#### DIRECTIONS FOR THIS TASK:
The complete data, repeated exactly, should form your response.

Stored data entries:
-=-=-=-=-
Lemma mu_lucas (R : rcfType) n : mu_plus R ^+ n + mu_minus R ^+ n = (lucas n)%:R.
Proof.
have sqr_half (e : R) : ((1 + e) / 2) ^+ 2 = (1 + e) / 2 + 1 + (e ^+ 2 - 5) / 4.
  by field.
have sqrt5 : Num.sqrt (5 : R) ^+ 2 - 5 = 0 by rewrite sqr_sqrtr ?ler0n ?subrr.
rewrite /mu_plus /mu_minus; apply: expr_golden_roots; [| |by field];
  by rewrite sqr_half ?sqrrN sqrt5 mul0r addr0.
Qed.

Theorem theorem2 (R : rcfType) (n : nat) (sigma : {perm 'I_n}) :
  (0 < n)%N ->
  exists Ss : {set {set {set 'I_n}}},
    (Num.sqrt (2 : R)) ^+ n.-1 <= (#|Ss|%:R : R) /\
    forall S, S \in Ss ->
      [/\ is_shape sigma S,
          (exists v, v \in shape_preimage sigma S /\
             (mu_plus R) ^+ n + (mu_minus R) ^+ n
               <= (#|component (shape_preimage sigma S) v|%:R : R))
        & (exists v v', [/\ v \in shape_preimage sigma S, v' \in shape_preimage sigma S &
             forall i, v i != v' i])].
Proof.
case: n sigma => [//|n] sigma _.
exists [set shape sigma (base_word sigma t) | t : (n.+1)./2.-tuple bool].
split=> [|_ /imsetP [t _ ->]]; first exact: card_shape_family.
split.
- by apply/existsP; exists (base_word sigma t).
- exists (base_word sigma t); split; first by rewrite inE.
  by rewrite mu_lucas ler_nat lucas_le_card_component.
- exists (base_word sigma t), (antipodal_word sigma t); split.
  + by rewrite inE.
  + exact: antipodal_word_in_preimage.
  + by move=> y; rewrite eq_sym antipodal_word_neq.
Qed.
-=-=-=-=-
#### FINISHED EXERCISE:
Lemma mu_lucas (R : rcfType) n : mu_plus R ^+ n + mu_minus R ^+ n = (lucas n)%:R.
Proof.
have sqr_half (e : R) : ((1 + e) / 2) ^+ 2 = (1 + e) / 2 + 1 + (e ^+ 2 - 5) / 4.
  by field.
have sqrt5 : Num.sqrt (5 : R) ^+ 2 - 5 = 0 by rewrite sqr_sqrtr ?ler0n ?subrr.
rewrite /mu_plus /mu_minus; apply: expr_golden_roots; [| |by field];
  by rewrite sqr_half ?sqrrN sqrt5 mul0r addr0.
Qed.

Theorem theorem2 (R : rcfType) (n : nat) (sigma : {perm 'I_n}) :
  (0 < n)%N ->
  exists Ss : {set {set {set 'I_n}}},
    (Num.sqrt (2 : R)) ^+ n.-1 <= (#|Ss|%:R : R) /\
    forall S, S \in Ss ->
      [/\ is_shape sigma S,
          (exists v, v \in shape_preimage sigma S /\
             (mu_plus R) ^+ n + (mu_minus R) ^+ n
               <= (#|component (shape_preimage sigma S) v|%:R : R))
        & (exists v v', [/\ v \in shape_preimage sigma S, v' \in shape_preimage sigma S &
             forall i, v i != v' i])].
Proof.
case: n sigma => [//|n] sigma _.
exists [set shape sigma (base_word sigma t) | t : (n.+1)./2.-tuple bool].
split=> [|_ /imsetP [t _ ->]]; first exact: card_shape_family.
split.
- by apply/existsP; exists (base_word sigma t).
- exists (base_word sigma t); split; first by rewrite inE.
  by rewrite mu_lucas ler_nat lucas_le_card_component.
- exists (base_word sigma t), (antipodal_word sigma t); split.
  + by rewrite inE.
  + exact: antipodal_word_in_preimage.
  + by move=> y; rewrite eq_sym antipodal_word_neq.
Qed.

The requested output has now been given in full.